Upstream Supply Chain Issues Caused 3XC Software Compromise
Upstream Supply Chain Issues Caused 3XC Software Compromise
The compromise of the 3CX desktop application in late March significantly impacted over 600,000 companies with more than 12 million daily users. Since the breach, 3CX partnered with Mandiant to investigate the incident, the security firm was able to determine "the initial compromise vector of 3CX’s network was via malicious software downloaded from Trading Technologies website." North Korean threat actors remain the lead suspect being responsible for the compromise of 3CX and a prior breach to Trading Technologies to facilitate the poisoning of software builds. Specifically, the 'X_TRADER' installer from Trading Technologies was identified to have been tampered with, to enable the deployment of a malware backdoor dubbed VEILEDSIGNAL. The backdoor can transmit implant data, run shellcode, inject a communication module into browser processes for Chrome, Firefox, or Microsoft Edge. Mandiant designates the threat cluster as an uncategorized group, UNC4736. Unfortunately, with this revelation of the attack occurring upstream from 3CX, Mandiant warns "there are a number of organizations that don’t yet know they are compromised."
Mandiant's investigation in the breach of 3CX also found UNC4736 operators could infect builds for Windows and macOS by using collected credentials moving laterally within 3CX's environment. According to Mandiant on "the Windows build environment the attacker deployed the TAXHAUL launcher and COLDCAT downloader that persisted by performing DLL hijacking for the IKEEXT service and ran with LocalSystem privileges," and for macOS, the "build server was compromised with POOLRAT backdoor using LaunchDaemons as a persistence mechanism." While Mandiant tracks the threat cluster as an uncategorized group, UNC4736. Mandiant does assess with moderate confidence the attribution of this activity to the North Korean “AppleJeus” led by the Lazarus group. The attribution is made due to shared victimology of fintech and cryptocurrency related platforms evident with the compromise of Trading Technologies and an overlap of TTPs. The techniques demonstrated include the exploit of a Chrome remote code execution vulnerability, CVE-2022-0609, and the hosting of a hidden iFrame following the compromise of Trading Technologies' website. and shared network infrastructure found in the use of the journalide[.]com domain.

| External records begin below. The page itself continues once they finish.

(* (Dobinski's formula) Let $\lambda$ be a nonzero real number and $x$ a real number with $|\lambda x|<1$. Then for every integer $n\ge0$, \[ \mathrm{Bel}_{n,\lambda}(x)=e_{\lambda}^{-1}(x)\Big(x\frac{d}{dx}\Big)^{n}e_{\lambda}(x)=e_{\lambda}^{-1}(x)\sum_{k=0}^{\infty}\frac{(1)_{k,\lambda}}{k!}\,k^{n}x^{k}. \]
   Context: For nonzero real $\lambda$: $(1)_{0,\lambda}=1$, $(1)_{k,\lambda}=1(1-\lambda)\cdots(1-(k-1)\lambda)$ for $k\ge1$; $e_\lambda(x)=(1+\lambda x)^{1/\lambda}$ and $e_\lambda^{-1}(x)=(1+\lambda x)^{-1/\lambda}$. The new type degenerate Bell polynomials $\mathrm{Bel}_{n,\lambda}(x)$ are defined by the generating function $e_{\lambda}(xe^{t})\,e_{\lambda}^{-1}(x)=\sum_{n=0}^{\infty}\mathrm{Bel}_{n,\lambda}(x)\frac{t^{n}}{n!}$, i.e. $\big(\frac{1+\lambda xe^t}{1+\lambda x}\big)^{1/\lambda}$ expanded in powers of $t$. $(x\frac{d}{dx})^n$ denotes the $n$-fold iterate of the operator $f\mapsto xf'(x)$. *)

From Stdlib Require Import Reals.
From Coquelicot Require Import Coquelicot.
Open Scope R_scope.

(* (1)_{k,lambda} = 1 (1 - lambda) ... (1 - (k-1) lambda); empty product = 1 *)
Fixpoint lam_falling (lam : R) (k : nat) : R :=
  match k with
  | O => 1
  | S k' => lam_falling lam k' * (1 - INR k' * lam)
  end.

Definition e_lam (lam x : R) : R := Rpower (1 + lam * x) (1 / lam).
Definition e_lam_inv (lam x : R) : R := Rpower (1 + lam * x) (- (1 / lam)).

Definition bel_gf (lam x : R) (t : R) : R :=
  e_lam lam (x * exp t) * e_lam_inv lam x.

(* Bel_{n,lambda}(x) := n-th Taylor coefficient times n!, i.e. the n-th
   t-derivative of the generating function at t = 0. *)
Definition Bel (n : nat) (lam x : R) : R := Derive_n (bel_gf lam x) n 0.

Definition xD (f : R -> R) : R -> R := fun y => y * Derive f y.
Definition xD_iter (n : nat) (f : R -> R) : R -> R := Nat.iter n xD f.

(* The coefficients a_k = (1)_{k,lambda} / k! satisfy (k+1) a_(k+1) = (1 - k lambda) a_k,
   so S(y) = sum a_k y^k solves (1 + lambda y) S' = S.  Comparing |a_k| with the positive
   coefficients (1)_{k,-|lambda|} / k!, whose ratios (1 + k|lambda|)/(k+1) tend to |lambda|,
   shows that S converges on |lambda y| < 1.  There e_lambda solves the same equation, so
   S * e_lambda^{-1} is constant, equal to 1, and e_lambda = S.  On a power series the Euler
   operator y d/dy multiplies the k-th coefficient by k, which gives the series for
   (x d/dx)^n e_lambda; and d/dt g(x e^t) = (x d/dx g)(x e^t) turns the n-th t-derivative of
   the generating function at t = 0 into e_lambda^{-1}(x) (x d/dx)^n e_lambda(x). *)

From Stdlib Require Import Reals Lra Lia.
From Coquelicot Require Import Coquelicot.
Open Scope R_scope.

Lemma CV_radius_le_abs (a b : nat -> R) :
  (forall k, Rabs (a k) <= Rabs (b k)) -> Rbar_le (CV_radius b) (CV_radius a).
Proof.
  intros Hab. apply (proj2 (Lub_Rbar_correct (CV_disk b))).
  intros r Hr. apply (proj1 (Lub_Rbar_correct (CV_disk a))).
  apply (@ex_series_le R_AbsRing R_CompleteNormedModule _ (fun k => Rabs (b k * r ^ k)));
    [|exact Hr].
  intros k. rewrite Rabs_Rabsolu, !Rabs_mult.
  apply Rmult_le_compat_r; [apply Rabs_pos | apply Hab].
Qed.

Lemma PS_incr_1_derive (c : nat -> R) (k : nat) : PS_incr_1 (PS_derive c) k = INR k * c k.
Proof. destruct k as [|k]; simpl; [symmetry; apply Rmult_0_l | reflexivity]. Qed.

Lemma CV_radius_pow_mul (n : nat) (c : nat -> R) :
  CV_radius (fun k => INR k ^ n * c k) = CV_radius c.
Proof.
  induction n as [|n IHn].
  - apply CV_radius_ext. intros k. apply Rmult_1_l.
  - rewrite <- IHn, <- (CV_radius_derive (fun k => INR k ^ n * c k)),
      <- (CV_radius_incr_1 (PS_derive _)).
    apply CV_radius_ext. intros k. rewrite PS_incr_1_derive. simpl. ring.
Qed.

Lemma xD_PSeries (g : R -> R) (c : nat -> R) (y : R) :
  Rbar_lt (Rabs y) (CV_radius c) -> locally y (fun z => g z = PSeries c z) ->
  xD g y = PSeries (fun k => INR k * c k) y.
Proof.
  intros Hdisk Hg. unfold xD.
  rewrite (Derive_ext_loc _ _ _ Hg), Derive_PSeries, <- PSeries_incr_1 by exact Hdisk.
  apply PSeries_ext, PS_incr_1_derive.
Qed.

Lemma is_derive_comp_exp (g : R -> R) (x t : R) :
  ex_derive g (x * exp t) -> is_derive (fun s => g (x * exp s)) t (xD g (x * exp t)).
Proof.
  intros [dg Hdg]. unfold xD. rewrite (is_derive_unique _ _ _ Hdg).
  apply (is_derive_comp g (fun s => x * exp s)); [exact Hdg|].
  auto_derive; [exact I | ring].
Qed.

Section EulerOperatorOnPowerSeries.

Variables (c : nat -> R) (f : R -> R) (U : R -> Prop).
Hypothesis U_open : forall y, U y -> locally y U.
Hypothesis U_disk : forall y, U y -> Rbar_lt (Rabs y) (CV_radius c).
Hypothesis f_PSeries : forall y, U y -> f y = PSeries c y.

Lemma xD_iter_PSeries (n : nat) (y : R) :
  U y -> xD_iter n f y = PSeries (fun k => INR k ^ n * c k) y.
Proof.
  revert y. induction n as [|n IHn]; intros y Hy.
  - rewrite f_PSeries by exact Hy. apply PSeries_ext. intros k. symmetry. apply Rmult_1_l.
  - simpl. rewrite (xD_PSeries _ (fun k => INR k ^ n * c k)).
    + apply PSeries_ext. intros k. symmetry. apply Rmult_assoc.
    + rewrite CV_radius_pow_mul. apply U_disk, Hy.
    + apply (filter_imp U); [exact IHn | apply U_open, Hy].
Qed.

Lemma ex_derive_xD_iter (n : nat) (y : R) : U y -> ex_derive (xD_iter n f) y.
Proof.
  intros Hy. apply (ex_derive_ext_loc (PSeries (fun k => INR k ^ n * c k))).
  - apply (filter_imp U); [intros z Hz; symmetry; apply xD_iter_PSeries, Hz | apply U_open, Hy].
  - apply ex_derive_PSeries. rewrite CV_radius_pow_mul. apply U_disk, Hy.
Qed.

Lemma Derive_n_comp_exp (n : nat) (x t : R) :
  U (x * exp t) -> Derive_n (fun s => f (x * exp s)) n t = xD_iter n f (x * exp t).
Proof.
  revert t. induction n as [|n IHn]; intros t Ht; [reflexivity|].
  assert (Hnear : locally t (fun s => U (x * exp s))).
  { assert (Hcont : continuous (fun s => x * exp s) t)
      by (apply continuity_pt_filterlim, derivable_continuous_pt,
                derivable_pt_scal, derivable_pt_exp).
    apply Hcont, U_open, Ht. }
  simpl Derive_n. rewrite (Derive_ext_loc _ (fun s => xD_iter n f (x * exp s))).
  - apply is_derive_unique, is_derive_comp_exp, ex_derive_xD_iter, Ht.
  - apply (filter_imp _ _ IHn Hnear).
Qed.

End EulerOperatorOnPowerSeries.

Lemma lam_falling_neg_pos (mu : R) (k : nat) : 0 <= mu -> 0 < lam_falling (- mu) k.
Proof.
  intros Hmu. induction k as [|k IHk]; simpl; [lra|].
  apply Rmult_lt_0_compat; [exact IHk|].
  pose proof (pos_INR k). nra.
Qed.

Lemma Rabs_lam_falling_le (lam : R) (k : nat) :
  Rabs (lam_falling lam k) <= lam_falling (- Rabs lam) k.
Proof.
  induction k as [|k IHk]; simpl.
  - rewrite Rabs_R1. lra.
  - rewrite Rabs_mult. apply Rmult_le_compat; try apply Rabs_pos; [exact IHk|].
    eapply Rle_trans; [apply Rabs_triang|].
    rewrite Rabs_R1, Rabs_Ropp, Rabs_mult, (Rabs_pos_eq (INR k)) by apply pos_INR.
    lra.
Qed.

Definition e_lam_coef (lam : R) (k : nat) : R := lam_falling lam k / INR (Factorial.fact k).

Lemma e_lam_coef_0 (lam : R) : e_lam_coef lam 0 = 1.
Proof. unfold e_lam_coef. simpl. field. Qed.

Lemma e_lam_coef_S (lam : R) (k : nat) :
  e_lam_coef lam (S k) = (1 - INR k * lam) / INR (S k) * e_lam_coef lam k.
Proof.
  unfold e_lam_coef. simpl lam_falling.
  change (Factorial.fact (S k)) with (S k * Factorial.fact k)%nat. rewrite mult_INR.
  field. split; [apply INR_fact_neq_0 | apply not_0_INR; lia].
Qed.

Lemma is_lim_seq_inv_INR_S : is_lim_seq (fun k => / INR (S k)) 0.
Proof.
  apply (is_lim_seq_incr_1 (fun k => / INR k)).
  apply (is_lim_seq_inv INR p_infty is_lim_seq_INR). discriminate.
Qed.

Lemma CV_radius_e_lam_coef_neg (mu : R) : 0 < mu -> CV_radius (e_lam_coef (- mu)) = Finite (/ mu).
Proof.
  intros Hmu.
  assert (Hpos : forall k, 0 < e_lam_coef (- mu) k).
  { intros k. apply Rdiv_lt_0_compat; [apply lam_falling_neg_pos; lra | apply INR_fact_lt_0]. }
  apply CV_radius_finite_DAlembert; [intros k; apply Rgt_not_eq, Hpos | exact Hmu |].
  apply is_lim_seq_ext with (fun k => mu + (1 - mu) * / INR (S k)).
  - intros k. pose proof (Hpos k). pose proof (pos_INR k).
    assert (HS : 0 < INR (S k)) by (apply lt_0_INR; lia).
    replace (e_lam_coef (- mu) (S k) / e_lam_coef (- mu) k) with ((1 + INR k * mu) / INR (S k))
      by (rewrite e_lam_coef_S; field; lra).
    rewrite Rabs_pos_eq by (apply Rlt_le, Rdiv_lt_0_compat; nra).
    rewrite S_INR. field. rewrite <- S_INR. lra.
  - replace (Finite mu) with (Finite (mu + (1 - mu) * 0)) by (f_equal; ring).
    apply is_lim_seq_plus'; [apply is_lim_seq_const|].
    apply (is_lim_seq_scal_l _ (1 - mu) 0 is_lim_seq_inv_INR_S).
Qed.

Lemma CV_radius_e_lam_coef (lam : R) :
  lam <> 0 -> Rbar_le (Finite (/ Rabs lam)) (CV_radius (e_lam_coef lam)).
Proof.
  intros Hlam. rewrite <- CV_radius_e_lam_coef_neg by (apply Rabs_pos_lt, Hlam).
  apply CV_radius_le_abs. intros k. unfold e_lam_coef, Rdiv.
  rewrite !Rabs_mult, (Rabs_pos_eq (lam_falling (- Rabs lam) k))
    by (apply Rlt_le, lam_falling_neg_pos, Rabs_pos).
  apply Rmult_le_compat_r; [apply Rabs_pos | apply Rabs_lam_falling_le].
Qed.

Lemma e_lam_coef_disk (lam y : R) :
  lam <> 0 -> Rabs (lam * y) < 1 -> Rbar_lt (Rabs y) (CV_radius (e_lam_coef lam)).
Proof.
  intros Hlam Hy. eapply Rbar_lt_le_trans; [|apply CV_radius_e_lam_coef, Hlam].
  simpl. rewrite Rabs_mult in Hy. pose proof (Rabs_pos_lt _ Hlam).
  apply (Rmult_lt_reg_l (Rabs lam)); [lra|]. rewrite Rinv_r; lra.
Qed.

Lemma e_lam_mul_inv (lam y : R) : 0 < 1 + lam * y -> e_lam lam y * e_lam_inv lam y = 1.
Proof.
  intros Hy. unfold e_lam, e_lam_inv. rewrite <- Rpower_plus, Rplus_opp_r. apply Rpower_O, Hy.
Qed.

Lemma is_derive_e_lam_inv (lam y : R) : lam <> 0 -> 0 < 1 + lam * y ->
  is_derive (e_lam_inv lam) y (- e_lam_inv lam y / (1 + lam * y)).
Proof.
  intros Hlam Hy. unfold e_lam_inv, Rpower. auto_derive; [lra|]. field. lra.
Qed.

Lemma locally_Rabs_mul_lt_1 (lam y : R) :
  Rabs (lam * y) < 1 -> locally y (fun z => Rabs (lam * z) < 1).
Proof.
  intros Hy.
  assert (Hcont : continuous (fun z => Rabs (lam * z)) y).
  { apply continuous_Rabs_comp, continuity_pt_filterlim.
    apply derivable_continuous_pt, derivable_pt_scal, derivable_pt_id. }
  apply (Hcont (fun r => r < 1)), (locally_open (fun r => r < 1)); [apply open_lt | auto | exact Hy].
Qed.

Lemma e_lam_coef_ode (lam y : R) : lam <> 0 -> Rabs (lam * y) < 1 ->
  (1 + lam * y) * PSeries (PS_derive (e_lam_coef lam)) y = PSeries (e_lam_coef lam) y.
Proof.
  intros Hlam Hy. pose proof (e_lam_coef_disk lam y Hlam Hy) as Hdisk.
  rewrite Rmult_plus_distr_r, Rmult_1_l, Rmult_assoc, <- PSeries_incr_1, <- PSeries_scal,
    <- PSeries_plus.
  - apply PSeries_ext. intros k. unfold PS_plus, PS_scal.
    rewrite PS_incr_1_derive. unfold PS_derive. rewrite e_lam_coef_S.
    unfold scal, plus; simpl; unfold mult, plus; simpl.
    field. change (INR (S k) <> 0). apply not_0_INR. lia.
  - apply CV_radius_inside. rewrite CV_radius_derive. exact Hdisk.
  - apply CV_radius_inside.
    rewrite CV_radius_scal, CV_radius_incr_1, CV_radius_derive by exact Hlam. exact Hdisk.
Qed.

Lemma e_lam_inv_0 (lam : R) : e_lam_inv lam 0 = 1.
Proof. unfold e_lam_inv, Rpower. rewrite Rmult_0_r, Rplus_0_r, ln_1, Rmult_0_r. apply exp_0. Qed.

Lemma e_lam_PSeries (lam y : R) : lam <> 0 -> Rabs (lam * y) < 1 ->
  e_lam lam y = PSeries (e_lam_coef lam) y.
Proof.
  intros Hlam Hy.
  set (h z := PSeries (e_lam_coef lam) z * e_lam_inv lam z).
  assert (Hpos : forall z, Rabs (lam * z) < 1 -> 0 < 1 + lam * z)
    by (intros z Hz; apply Rabs_def2 in Hz; lra).
  assert (Hh' : forall z, Rabs (lam * z) < 1 -> is_derive h z 0).
  { intros z Hz. pose proof (e_lam_coef_disk lam z Hlam Hz) as Hdisk.
    replace 0 with (PSeries (PS_derive (e_lam_coef lam)) z * e_lam_inv lam z
                    + PSeries (e_lam_coef lam) z * (- e_lam_inv lam z / (1 + lam * z))).
    - apply (is_derive_mult (PSeries (e_lam_coef lam)) (e_lam_inv lam));
        [apply is_derive_PSeries, Hdisk | apply is_derive_e_lam_inv; auto | intros; apply Rmult_comm].
    - rewrite <- (e_lam_coef_ode lam z) by assumption. field. pose proof (Hpos z Hz). lra. }
  assert (Hsegment : forall z, Rmin 0 y <= z <= Rmax 0 y -> Rabs (lam * z) < 1).
  { intros z Hz. eapply Rle_lt_trans; [|exact Hy]. rewrite !Rabs_mult.
    apply Rmult_le_compat_l; [apply Rabs_pos|].
    unfold Rmin, Rmax in Hz. destruct (Rle_dec 0 y).
    - rewrite !Rabs_pos_eq; lra.
    - rewrite !Rabs_left1; lra. }
  destruct (MVT_gen h 0 y (fun _ => 0)) as [c [_ Hmvt]].
  - intros z Hz. apply Hh', Hsegment. lra.
  - intros z Hz. apply continuity_pt_filterlim, (@ex_derive_continuous R_AbsRing R_NormedModule).
    eexists. apply Hh', Hsegment, Hz.
  - assert (Hh0 : h 0 = 1) by (unfold h; rewrite PSeries_0, e_lam_coef_0, e_lam_inv_0; ring).
    assert (Hhy : h y = 1) by lra.
    rewrite <- (Rmult_1_r (e_lam lam y)), <- Hhy. unfold h.
    rewrite Rmult_comm, Rmult_assoc, (Rmult_comm (e_lam_inv lam y)), e_lam_mul_inv by auto.
    ring.
Qed.

Theorem theorem6 (lam x : R) (n : nat) :
  lam <> 0 -> Rabs (lam * x) < 1 ->
  Bel n lam x = e_lam_inv lam x * xD_iter n (e_lam lam) x /\
  is_series (fun k : nat => lam_falling lam k / INR (Factorial.fact k) * INR k ^ n * x ^ k)
            (xD_iter n (e_lam lam) x).
Proof.
  intros Hlam Hx.
  pose proof (locally_Rabs_mul_lt_1 lam) as U_open.
  pose proof (fun y => e_lam_coef_disk lam y Hlam) as U_disk.
  pose proof (fun y => e_lam_PSeries lam y Hlam) as e_lam_eq.
  split.
  - unfold Bel. rewrite (Derive_n_ext _ (fun t => e_lam_inv lam x * e_lam lam (x * exp t)))
      by (intros t; apply Rmult_comm).
    rewrite Derive_n_scal_l, (Derive_n_comp_exp _ _ _ U_open U_disk e_lam_eq);
      rewrite exp_0, Rmult_1_r; [reflexivity | exact Hx].
  - rewrite (xD_iter_PSeries _ _ _ U_open U_disk e_lam_eq n x Hx).
    eapply is_series_ext; [|apply PSeries_correct, CV_radius_inside].
    + intros k. unfold scal; simpl; unfold mult; simpl. rewrite pow_n_pow. unfold e_lam_coef. ring.
    + rewrite CV_radius_pow_mul. apply U_disk, Hx.
Qed.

The Symantec Threat Hunter Team conducted an exposure check and discovered the trojanized installer from Trading Technologies had affected two critical infrastructure organizations in the energy sector in the United States and Europe. As well as two separate financial services organizations. Mandiant, Symantec along with several reputable security firms and researchers have attributed the supply chain attack to North Korean-sponsored actors and believe it to be rooted in espionage and financial motivations. The compromise of Trading Technologies supports the actors' financial motivations, given the company's core business of facilitating trades.